[TASK INSTRUCTIONS]
Report every line in the listing that contains the string "Require".
┌─ RECORD EXCERPTS
Definition cA (x : 'I_N -> CC * CC * CC * CC) j := (x j).1.1.1.
Definition cB (x : 'I_N -> CC * CC * CC * CC) j := (x j).1.1.2.
Definition cC (x : 'I_N -> CC * CC * CC * CC) j := (x j).1.2.
Definition cD (x : 'I_N -> CC * CC * CC * CC) j := (x j).2.

(* For k > 0: x = tr_k(f) of an f with f|e_j(t) = A_j cos(kt) + B_j sin(kt)
   = C_j cos(k(l_j - t)) + D_j sin(k(l_j - t)) satisfying -f'' = k^2 f and the
   standard vertex conditions (continuity, zero sum of outgoing derivatives). *)
Definition eigcoeffs (k : R) (l : 'I_N -> R) (x : 'I_N -> CC * CC * CC * CC) :
    Prop :=
  (forall j, cC x j = cA x j * rC (cos (k * l j)) + cB x j * rC (sin (k * l j))
          /\ cD x j = cA x j * rC (sin (k * l j)) - cB x j * rC (cos (k * l j)))
  /\ (forall i j, (o i = o j -> cA x i = cA x j)
               /\ (t i = t j -> cC x i = cC x j)
               /\ (o i = t j -> cA x i = cC x j))
  /\ (forall v : V, \sum_(j | o j == v) rC k * cB x j
                   + \sum_(j | t j == v) rC k * cD x j = 0).

(* k^2 (k > 0) is an eigenvalue: there is a nonzero eigenfunction *)
Definition is_eig (k : R) (l : 'I_N -> R) : Prop :=
  exists x, eigcoeffs k l x /\ exists j, (cA x j, cB x j) != (0, 0).

Definition inT (z : 'I_N -> CC) (x : 'I_N -> CC * CC * CC * CC) : Prop :=
  exists l : 'I_N -> R, (forall j, 0 < l j) /\
  exists k : R, 0 <= k /\ z = (fun j => cis (k * l j)) /\
    ((k = 0 /\ exists c : CC, x = (fun _ => (c, 0, c, 0)))
     \/ (0 < k /\ is_eig k l /\ eigcoeffs k l x)).

Definition symcoeffs (x : 'I_N -> CC * CC * CC * CC) : Prop :=
  forall j, cA x j = cC x j /\ cB x j = cD x j.

End Graph.

Definition flower_o (N : nat) (j : 'I_N) : unit := tt.
Definition flower_t (N : nat) (j : 'I_N) : unit := tt.
Definition mand_o (N : nat) (j : 'I_N) : bool := false.
Definition mand_t (N : nat) (j : 'I_N) : bool := true.

Definition P_flower (N : nat) : {mpoly CC[N]} :=
  Ppoly (@flower_o N) (@flower_t N).

Definition P_Ms (N : nat) : {mpoly CC[N]} :=
  \sum_(j < N) ('X_j - 1) * \prod_(i < N | i != j) ('X_i + 1).

(* T_sym(flower): P_{Gamma,sym} is the polynomial Q with
   P_Gamma = Q * prod_j (1 - z_j) (unique since {mpoly} is a domain) *)
Definition in_Tsym_flower (N : nat) (z : 'I_N -> CC)
    (x : 'I_N -> CC * CC * CC * CC) : Prop :=
  inT (@flower_o N) (@flower_t N) z x
  /\ (exists Q : {mpoly CC[N]},
        P_flower N = Q * \prod_(j < N) (1 - 'X_j) /\ Q.@[z] = 0)
  /\ symcoeffs x.

Definition in_Ts_mandarin (N : nat) (z : 'I_N -> CC)
    (x : 'I_N -> CC * CC * CC * CC) : Prop :=
  inT (@mand_o N) (@mand_t N) z x
  /\ (P_Ms N).@[z] = 0
  /\ symcoeffs x.

(* On the flower every vertex condition involves all edges with the same
   weight u = 1/N, so S = [[uJ, uJ - I], [uJ - I, uJ]] (J the all-ones matrix)
   and det (1 - diag(z, z) S) = det (P + Q) * det (P - Q) for the blocks
   [[P, Q], [Q, P]] of 1 - diag(z, z) S.  Here P - Q = diag (1 - z_j), while
   P + Q = diag (1 + z_j) - 2u z 1^T is a rank-one perturbation of a diagonal
   matrix, with determinant -u P_{M,s}(z); hence P_{Gamma,sym} = -P_{M,s}/N.
   For coefficients with (A_j, B_j) = (C_j, D_j) the vertex conditions of the
   flower and of the mandarin both reduce to "A_j is constant and
   sum_j B_j = 0", so the two graphs have the same symmetric eigenfunctions.
   At a zero z = e^{ikl} of P_{M,s} such an eigenfunction always exists:
   A_j = prod_i (1 + z_i) and B_j = -i (z_j - 1) prod_{i <> j} (1 + z_i), or,
   when that product vanishes, +-sin(kt) on two edges with z_j = -1. *)

From Stdlib Require Import Reals.
From mathcomp Require Import all_boot all_algebra.
From mathcomp Require Import Rstruct complex mpoly.
From mathcomp Require Import ring.

Set Implicit Arguments.
Unset Strict Implicit.

Import order.Order.TTheory GRing.Theory Num.Theory.
Local Open Scope ring_scope.

Section Determinants.
Variable R : comPzRingType.

Lemma det_block_sym n (P Q : 'M[R]_n) :
  \det (block_mx P Q Q P) = \det (P + Q) * \det (P - Q).
Proof.
have triangularize : block_mx 1%:M 0 (- 1%:M) 1%:M *m block_mx P Q Q P
    *m block_mx 1%:M 0 1%:M 1%:M = block_mx (P + Q) Q 0 (P - Q).
  rewrite !mulmx_block !(mulmx1, mul1mx, mulmx0, mul0mx, mulNmx, addr0, add0r).
  by congr block_mx; rewrite (addrC (- Q)) // addrACA addNr subrr addr0.
move: (congr1 determinant triangularize).
by rewrite !det_mulmx det_lblock det_ublock det_lblock !det1 !mul1r mulr1.
Qed.

Lemma det_ones_row0 n (d c : 'I_n.+1 -> R) :
  \det (\matrix_(i, j) (if i == 0 then 1 else (i == j)%:R * d i + c i))
  = \prod_(i < n) d (lift 0 i).
Proof.
pose L : 'M[R]_n.+1 :=
  \matrix_(i, j) ((i == j)%:R + ((j == 0) && (i != 0))%:R * c i).
pose U : 'M[R]_n.+1 := \matrix_(i, j) (if i == 0 then 1 else (i == j)%:R * d i).
(* Subtracting c i times row 0 from row i leaves the upper triangular U. *)
have -> : \matrix_(i, j) (if i == 0 then 1 else (i == j)%:R * d i + c i) = L *m U.
  apply/matrixP => i j; rewrite !mxE.
  under eq_bigr do rewrite !mxE mulrDl.
  rewrite big_split /= (bigD1 i) //= eqxx mul1r big1; last first.
    by move=> k /negbTE; rewrite eq_sym => ->; rewrite mul0r.
  rewrite addr0 (bigD1 0) //= big1; last by move=> k /negbTE ->; rewrite !mul0r.
  by case: eqP => [->|_]; rewrite /= ?mul0r ?addr0 ?mul1r ?mulr1.
have neq_lt (i j : 'I_n.+1) : (i < j)%N -> (i == j) = false /\ (j == 0) = false.
  move=> lt_ij; rewrite -!val_eqE /= ltn_eqF // gtn_eqF //.
  exact: leq_ltn_trans lt_ij.
have L_trig : is_trig_mx L.
  apply/is_trig_mxP => i j /neq_lt[ij j0]; rewrite !mxE ij j0.
  by rewrite mul0r addr0.
have U_trig : is_trig_mx U^T.
  apply/is_trig_mxP => i j /neq_lt[ij j0]; rewrite !mxE j0 eq_sym ij.
  by rewrite mul0r.
rewrite det_mulmx (det_trig L_trig) -det_tr (det_trig U_trig).
rewrite big1 ?mul1r => [|i _]; last by rewrite !mxE eqxx andbN mul0r addr0.
rewrite big_ord_recl !mxE eqxx mul1r; apply: eq_bigr => i _.
by rewrite !mxE eq_sym (negbTE (neq_lift _ _)) eqxx mul1r.
Qed.

Lemma det_diag_add_rank1 n (d c : 'I_n -> R) :
  \det (\matrix_(i, j) ((i == j)%:R * d i + c i))
  = \prod_i d i + \sum_j c j * \prod_(i | i != j) d i.
Proof.
elim: n d c => [|n IH] d c; first by rewrite det_mx00 !big_ord0 addr0.
set A := \matrix_(i, j) _.
pose B : 'M[R]_n.+1 := \matrix_(i, j) (if i == 0 then (j == 0)%:R else A i j).
pose C : 'M[R]_n.+1 := \matrix_(i, j) (if i == 0 then 1 else A i j).
have split_row0 : \det A = d 0 * \det B + c 0 * \det C.
  apply: (determinant_multilinear (i0 := 0)).
  - by apply/rowP => j; rewrite !mxE eqxx /= mulr1 mulrC eq_sym.
  - by apply/matrixP => i j; rewrite !mxE.
  - by apply/matrixP => i j; rewrite !mxE.
have detB :
    \det B = \det (\matrix_(i, j) ((i == j)%:R * d (lift 0 i) + c (lift 0 i))).
  rewrite (expand_det_row _ 0) big_ord_recl big1 ?addr0 => [|j _]; last first.
    by rewrite !mxE eqxx mul0r.
  rewrite /cofactor !mxE eqxx mul1r expr0 mul1r; congr (\det _).
  apply/matrixP => i j; rewrite !mxE eq_sym (negbTE (neq_lift _ _)).
  by rewrite (inj_eq (@lift_inj _ 0)).
have detC : \det C = \prod_(i < n) d (lift 0 i).
  rewrite -(det_ones_row0 d c); congr (\det _).
  by apply/matrixP => i j; rewrite !mxE.
have prod_recl (P : pred 'I_n.+1) : \prod_(i | P i) d i
    = (if P 0 then d 0 else 1) * \prod_(i < n | P (lift 0 i)) d (lift 0 i).
  by rewrite big_mkcond big_ord_recl -big_mkcond.
rewrite split_row0 detB detC IH big_ord_recl [X in _ = _ + X]big_ord_recl /=.
rewrite !prod_recl eqxx /=.
under [X in _ = _ + (_ + X)]eq_bigr => j _.
  rewrite prod_recl neq_lift.
  under eq_bigl do rewrite (inj_eq (@lift_inj _ 0)).
  over.
rewrite mul1r mulrDr -addrA [c 0 * _ + _]addrC big_distrr /=.
by congr (_ + (_ + _)); apply: eq_bigr => j _; rewrite mulrCA.
Qed.

Lemma det_diag_add1_sub_rank1 n (a : 'I_n -> R) (u : R) :
  u * n%:R = 1 ->
  \det (\matrix_(i, j) ((i == j)%:R * (a i + 1) - u *+ 2 * a i))
  = - u * \sum_j (a j - 1) * \prod_(i | i != j) (a i + 1).
Proof.
move=> un1; rewrite det_diag_add_rank1.
set W := \prod_i (a i + 1); set S := \sum_j \prod_(i | i != j) (a i + 1).
have mul_rest j : (a j + 1) * \prod_(i | i != j) (a i + 1) = W.
  by rewrite /W [RHS](bigD1 j).
have sumW : \sum_(j < n) W = W * n%:R by rewrite sumr_const card_ord mulr_natr.
have -> : \sum_j - (u *+ 2 * a j) * \prod_(i | i != j) (a i + 1)
    = - (u *+ 2) * (W * n%:R - S).
  rewrite -sumW /S -sumrB mulr_sumr; apply: eq_bigr => j _.
  by rewrite -(mul_rest j); ring.
have -> : \sum_j (a j - 1) * \prod_(i | i != j) (a i + 1) = W * n%:R - S *+ 2.
  rewrite -sumW /S -sumrMnl -sumrB; apply: eq_bigr => j _.
  by rewrite -(mul_rest j); ring.
transitivity (W * (1 - u * n%:R) - u * (W * n%:R - S *+ 2)); first ring.
by rewrite un1 subrr mulr0 add0r mulNr.
Qed.

End Determinants.

Lemma split_lshift m n (i : 'I_m) : split (lshift n i) = inl i.
Proof. exact: (unsplitK (inl i)). Qed.

Lemma split_rshift m n (i : 'I_n) : split (rshift m i) = inr i.
Proof. exact: (unsplitK (inr i)). Qed.

Lemma deg_flower N (v : unit) : deg (@flower_o N) (@flower_t N) v = (N + N)%N.
Proof.
case: v.
have all_edges (e : 'I_N -> unit) : [set j | e j == tt] = setT.
  by apply/setP => j; rewrite !inE; case: (e j).
by rewrite /deg !all_edges cardsT card_ord.
Qed.

Lemma P_flower_det N : (0 < N)%N ->
  P_flower N = \det (\matrix_(i, j) ((i == j)%:R * ('X_i + 1)
                                     - (N%:R^-1 : CC)%:MP *+ 2 * 'X_i))
               * \prod_(j < N) (1 - 'X_j).
Proof.
move=> N_gt0; set u : {mpoly CC[N]} := (N%:R^-1)%:MP.
have weight : (2%:R / (N + N)%:R : CC) = N%:R^-1.
  by rewrite natrD; field; rewrite -natrD !pnatr_eq0 -!lt0n addn_gt0 N_gt0.
pose P : 'M[{mpoly CC[N]}]_N := \matrix_(i, j) ((i == j)%:R - 'X_i * u).
pose Q : 'M[{mpoly CC[N]}]_N := \matrix_(i, j) ('X_i * ((i == j)%:R - u)).
rewrite /P_flower /Ppoly.
have -> : 1%:M - diag_mx (\row_r 'X_(idx2 r))
            *m map_mx (fun c => c%:MP) (Smat (@flower_o N) (@flower_t N))
          = block_mx P Q Q P.
  apply/matrixP => r s; rewrite mul_diag_mx !mxE.
  case: (split_ordP r) => i ->; case: (split_ordP s) => j ->;
    rewrite ?block_mxEul ?block_mxEur ?block_mxEdl ?block_mxEdr ?mxE /idx2
      ?split_lshift ?split_rshift ?eq_shift !deg_flower weight /P /Q !mxE /=;
    by rewrite mulr1 ?rmorphB /= ?rmorph_nat ?[j == i]eq_sym ?sub0r -?mulrN
      ?opprB.
rewrite det_block_sym.
have -> : P + Q = \matrix_(i, j) ((i == j)%:R * ('X_i + 1) - u *+ 2 * 'X_i).
  by apply/matrixP => i j; rewrite !mxE; clearbody u; ring.
have -> : P - Q = diag_mx (\row_j (1 - 'X_j)).
  apply/matrixP => i j; rewrite !mxE; clearbody u.
  by case: eqP => [->|_]; rewrite ?mulr1n ?mulr0n; ring.
by rewrite det_diag; congr (_ * _); apply: eq_bigr => i _; rewrite mxE.
Qed.

Lemma P_flower_factor N : (0 < N)%N ->
  P_flower N = ((- N%:R^-1 : CC) *: P_Ms N) * \prod_(j < N) (1 - 'X_j).
Proof.
move=> N_gt0; rewrite P_flower_det // det_diag_add1_sub_rank1.
  by rewrite /P_Ms -mul_mpolyC rmorphN.
by rewrite -mpolyC_nat -rmorphM /= mulVf // pnatr_eq0 -lt0n.
Qed.

Lemma rC_eq0 (x : R) : (rC x == 0) = (x == 0).
Proof. by rewrite eq_complex /= eqxx andbT. Qed.

Lemma rC_sqr_cos_add_sqr_sin (t : R) : rC (cos t) ^+ 2 + rC (sin t) ^+ 2 = 1.
Proof.
apply/eqP; rewrite eq_complex /= !(mulr0, mul0r, subr0, addr0, eqxx) andbT.
by apply/eqP; have := sin2_cos2 t; rewrite /Rsqr Rplus_comm.
Qed.

Lemma cisE (t : R) : cis t = rC (cos t) + 'i * rC (sin t).
Proof.
by apply/eqP; rewrite eq_complex /= !(mulr0, mul0r, mul1r, subr0, addr0, add0r, eqxx).
Qed.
└─
[EXERCISE RESPONSE]
From Stdlib Require Import Reals.
From mathcomp Require Import all_boot all_algebra.
From mathcomp Require Import Rstruct complex mpoly.
From mathcomp Require Import ring.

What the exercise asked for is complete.